Records drawn from a dataset:
Lemma restrict_colored S c v a :
  num_colored (set_color (restrict S c) v a) <= colored_in S c + 1.
Proof.
have : [pred x | set_color (restrict S c) v a x != None] \subset
       v |: [set x in S | c x != None].
  by apply/subsetP => x; rewrite !inE /set_color /restrict; case: (x == v); case: (x \in S).
move/subset_leq_card => h; apply: leq_trans h _.
by rewrite cardsU1 /colored_in addnC leq_add2l leq_b1.
Qed.

Lemma restrict_agree S c v a x : x \in S -> x != v ->
  set_color (restrict S c) v a x = c x.
Proof. by move=> xS xv; rewrite /set_color (negbTE xv) /restrict xS. Qed.

Lemma spoiler_wins_obstruction k r c S : obs S c -> minimal S c ->
  colored_in S c < k -> #|S| <= 2 ^ r + 2 -> spoiler_wins e k r c.
Proof.
elim: r c S => [|r IH] c S oS mS ck sS;
  (case: (classic (proper_pc e c)) => pc; last by left).
  by have := obstruction_size pc oS mS; rewrite expn0 in sS; lia.
right; have [x0 x0S _] := some_uncolored pc oS.
have [v vS small] := centroid x0S.
have cv := centroid_uncolored pc oS mS vS small.
exists (restrict S c), v; split; first exact: restrict_erasure.
split=> a; first by have := restrict_colored S c v a; lia.
have cv' : set_color (restrict S c) v a v = Some a by rewrite /set_color eqxx.
have [S' [o' m' cS' sS']] := next_obstruction oS mS vS cv small cv' (@restrict_agree S c v a).
by apply: IH o' m' _ _; [lia | rewrite expnS in sS; lia].
Qed.

End ForestGame.

Theorem lemma8 (k r : nat) (V : finType) (e : rel V)
  (e_sym : symmetric e) (e_irr : irreflexive e)
  (T_tree : is_tree e)
  (n_le : #|V| <= 2 ^ r + 2)
  (l_lt : num_leaves e < k)
  (c0 : pcoloring V)
  (c0_leaves : forall x, (c0 x != None) = is_leaf e x)
  (no_ext : ~ exists f : V -> color, extends f c0 /\ proper_total e f) :
  spoiler_wins e k r c0.
Proof.
have [_ e_acy] := T_tree.
have oV : obs e [set: V] c0.
  by case=> f [fc fp]; apply: no_ext; exists f; split=> [x a|x y]; [exact: fc | exact: fp].
have [S _ [oS mS]] := exists_minimal oV.
apply: (spoiler_wins_obstruction e_sym e_irr e_acy oS mS).
- (* its coloured vertices are leaves *)
  apply: leq_ltn_trans l_lt; apply: subset_leq_card; apply/subsetP => x.
  by rewrite !inE c0_leaves => /andP[].
- exact: leq_trans (max_card _) n_le.
Qed.
Lemma expectation_dominated_cvg (cn : nat -> R) lo (l : Omega -> R) :
  (forall n, lo <= cn n) -> (forall w, z (cn n) (L w) @[n --> \oo] --> l w) ->
  measurable_fun setT (fun w => (l w)%:E) ->
  H (cn n) @[n --> \oo] --> (\int[P]_w (l w)%:E)%E.
Proof.
move=> lo_cn cvg_l ml.
have cvg_ae : {ae P, forall w, setT w -> (z (cn n) (L w))%:E @[n --> \oo] --> (l w)%:E}.
  by apply: aeW => w _; apply/fine_cvgP; split; [exact: nearW | exact: cvg_l].
have dom_ae : {ae P, forall w n, setT w -> (`|(z (cn n) (L w))%:E| <= (z lo (L w))%:E)%E}.
  apply: aeW => w n _; rewrite gee0_abs ?lee_fin //.
  exact: z_nonincreasing.
by have [] := dominated_convergence measurableT (fun n => zL_measurable (cn n)) ml
  cvg_ae (zL_integrable lo) dom_ae.
Qed.

Lemma expectation_cvg (cn : nat -> R) c lo : (forall n, lo <= cn n) ->
  cn n @[n --> \oo] --> c -> H (cn n) @[n --> \oo] --> H c.
Proof.
move=> lo_cn cn_c; apply: expectation_dominated_cvg lo_cn _ (zL_measurable c) => w.
exact: (continuous_cvg _ (z_continuous_in_c _ _) cn_c).
Qed.

Lemma expectation_cvgy : H n%:R @[n --> \oo] --> 0%E.
Proof.
rewrite -(integral0 P setT); apply: expectation_dominated_cvg (fun n => ler0n _ n) _ _.
  by move=> w; exact: z_cvgy.
exact: measurable_cst.
Qed.

Lemma expectation_cvgNy : H (- n%:R) @[n --> \oo] --> +oo%E.
Proof.
have z_nd w : setT w ->
    {homo (fun n => (z (- n%:R) (L w))%:E) : n m / (n <= m)%N >-> (n <= m)%E}.
  by move=> _ n m nm; rewrite lee_fin z_nonincreasing // lerN2 ler_nat.
have := cvg_monotone_convergence (mu := P) measurableT (fun n => zL_measurable _)
  (fun n w _ => z_ge0 _ _) z_nd.
suff -> : (fun w => limn (fun n => (z (- n%:R) (L w))%:E)) = cst +oo%E.
  by rewrite integral_cst // [X in (+oo * X)%E]probability_setT mule1.
apply/funext => w; apply: cvg_lim => //; exact/cvgeryP/z_cvgNy.
Qed.

Lemma exists_expectation_eq v : 0 < v -> exists c, H c = v%:E.
Proof.
move=> v0; pose S := [set c | (v%:E <= H c)%E].
have [c0 Sc0] : exists c, S c.
  have /cvgeyPge/(_ v)[N _ HN] := expectation_cvgNy.
  by exists (- N%:R); apply: HN => /=.
have [c1 Hc1] : exists c, (H c < v%:E)%E.
  apply: contrapT => /forallNP nH.
  suff : (v%:E <= 0)%E by rewrite lee_fin leNgt v0.
  apply: cvge_to_ge expectation_cvgy _; apply: nearW => n.
  by rewrite leNgt; apply/negP/nH.
have S_ub : ubound S c1.
  move=> c Sc; rewrite leNgt; apply/negP => /ltW/expectation_nonincreasing H1.
  by have := le_lt_trans (le_trans Sc H1) Hc1; rewrite ltxx.
have S_sup : has_sup S by split; [exists c0 | exists c1].
pose cs := sup S.
have S_left n : (v%:E <= H (cs - harmonic n))%E.
  have [c Sc csc] := sup_adherent (harmonic_gt0 n) S_sup.
  exact/(le_trans Sc)/expectation_nonincreasing/ltW.
have S_right n : (H (cs + harmonic n) <= v%:E)%E.
  rewrite leNgt; apply/negP => /ltW /(ub_le_sup S_sup.2).
  by rewrite -/cs gerDl leNgt harmonic_gt0.
have cs_left : cs - harmonic n @[n --> \oo] --> cs.
  by rewrite -[X in _ --> X]subr0; apply: cvgB; [exact: cvg_cst | exact: cvg_harmonic].
have cs_right : cs + harmonic n @[n --> \oo] --> cs.
  by rewrite -[X in _ --> X]addr0; apply: cvgD; [exact: cvg_cst | exact: cvg_harmonic].
have left_lb n : cs - 1 <= cs - harmonic n.
  by rewrite lerB // invf_le1 ?ler1n // ltr0n.
have right_lb n : cs <= cs + harmonic n by rewrite lerDl harmonic_ge0.
exists cs; apply/le_anti/andP; split.
  by apply: cvge_to_le (expectation_cvg _ _ _ right_lb cs_right) _; exact: nearW.
by apply: cvge_to_ge (expectation_cvg _ _ _ left_lb cs_left) _; exact: nearW.
Qed.

End expectation_level.

Theorem proposition4p5 (R : realType) (T : R) (d : nat)
  (P : probability (Omega T d) R)
  (f : R -> R) (ell : R -> Omega T d -> R) (theta : R)
  (a b : \bar R) (g : R -> R) :
  0 < T ->
  (* P(X(0) = 0) = 1 *)
  P [set w : Omega T d | path_val w 0 = 0] = 1%E ->
  (* f : R_+ -> R twice differentiable, strictly convex, f(1) = 0 *)
  (forall x, 0 < x -> derivable f x 1 /\ derivable (derive1 f) x 1) ->
  (forall x y t, 0 <= x -> 0 <= y -> x != y -> 0 < t < 1 ->
     f (t * x + (1 - t) * y) < t * f x + (1 - t) * f y) ->
  f 1 = 0 ->
  (* range(f') = (a, b) *)
  (derive1 f) @` `]0, +oo[ = [set y : R | (a < y%:E < b)%E] ->
  (* l is a non-anticipative functional with l(0, 0) = 0 *)
  non_anticipative ell ->
  ell 0 (zero_path T d) = 0 ->
  0 < theta ->
  (* g : (a,b) -> (0,oo) is the inverse of f' *)
  (forall y, (a < y%:E < b)%E -> 0 < g y /\ (derive1 f) (g y) = y) ->
  (* f'(x) -> oo as x -> oo *)
  (derive1 f) x @[x --> +oo] --> +oo ->
  (forall c : R, P.-integrable setT
     (fun w => (g (theta * (ell T w - c)) * \1_(Ic a b theta c) (ell T w))%:E)) ->
  exists c : R, exists z : R -> R,
    (forall x, 0 <= z x) /\
    (forall x, Ic a b theta c x -> x - (derive1 f) (z x) / theta = c) /\
    (forall x, ~ Ic a b theta c x -> z x = 0) /\
    measurable_fun setT z /\
    (\int[P]_w (z (ell T w))%:E = 1)%E /\
    P [set w | ((ell T w)%:E < ereal_sup (EFin @` Ic a b theta c))%E] = 1%E.
Proof.
move=> _ _ f_derivable2 f_sconvex _ df_range _ _ theta_gt0 g_inverse df_cvgy integrable_c.
have f_derivable x : 0 < x -> derivable f x 1 by move=> /f_derivable2[].
have df_derivable x : 0 < x -> derivable (derive1 f) x 1 by move=> /f_derivable2[].
have zL_integrable c : P.-integrable setT (fun w => (z_ a g theta c (ell T w))%:E).
  under eq_fun do rewrite -(z_indicator df_range df_cvgy theta_gt0).
  exact: integrable_c.
have [c zL_E1] := exists_expectation_eq P (z_ a g theta) (ell T)
  (z_ge0 df_range g_inverse df_cvgy)
  (z_nonincreasing f_derivable f_sconvex df_range g_inverse df_cvgy theta_gt0)
  (z_continuous_in_c f_derivable df_derivable f_sconvex df_range g_inverse df_cvgy)
  (z_cvgNy f_derivable f_sconvex df_range g_inverse df_cvgy theta_gt0)
  (z_cvgy f_derivable f_sconvex df_range g_inverse df_cvgy theta_gt0)
  zL_integrable 1 ltr01.
exists c, (z_ a g theta c); split=> [x|].
  exact: (z_ge0 df_range g_inverse df_cvgy c x).
split=> [x|]; first exact: (z_Ic df_range g_inverse df_cvgy theta_gt0 c x).
split=> [x|]; first exact: (z_notIc df_range df_cvgy theta_gt0 c x).
split; first exact: continuous_measurable_fun
  (z_continuous f_derivable df_derivable f_sconvex df_range g_inverse df_cvgy c).
split; first exact: zL_E1.
rewrite (ereal_sup_Ic df_range df_cvgy theta_gt0 c).
suff -> : [set w | ((ell T w)%:E < +oo)%E] = setT by exact: probability_setT.
by apply/seteqP; split=> // w _; exact: ltry.
Qed.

• [WHAT YOU ARE ASKED TO DO]: Reproduce, character for character, only the lines of the preceding data that start at the line with "exists c : R, exists" and end at the line with "have df_derivable x", both included.

• [SOLUTION BELOW]:
  exists c : R, exists z : R -> R,
    (forall x, 0 <= z x) /\
    (forall x, Ic a b theta c x -> x - (derive1 f) (z x) / theta = c) /\
    (forall x, ~ Ic a b theta c x -> z x = 0) /\
    measurable_fun setT z /\
    (\int[P]_w (z (ell T w))%:E = 1)%E /\
    P [set w | ((ell T w)%:E < ereal_sup (EFin @` Ic a b theta c))%E] = 1%E.
Proof.
move=> _ _ f_derivable2 f_sconvex _ df_range _ _ theta_gt0 g_inverse df_cvgy integrable_c.
have f_derivable x : 0 < x -> derivable f x 1 by move=> /f_derivable2[].
have df_derivable x : 0 < x -> derivable (derive1 f) x 1 by move=> /f_derivable2[].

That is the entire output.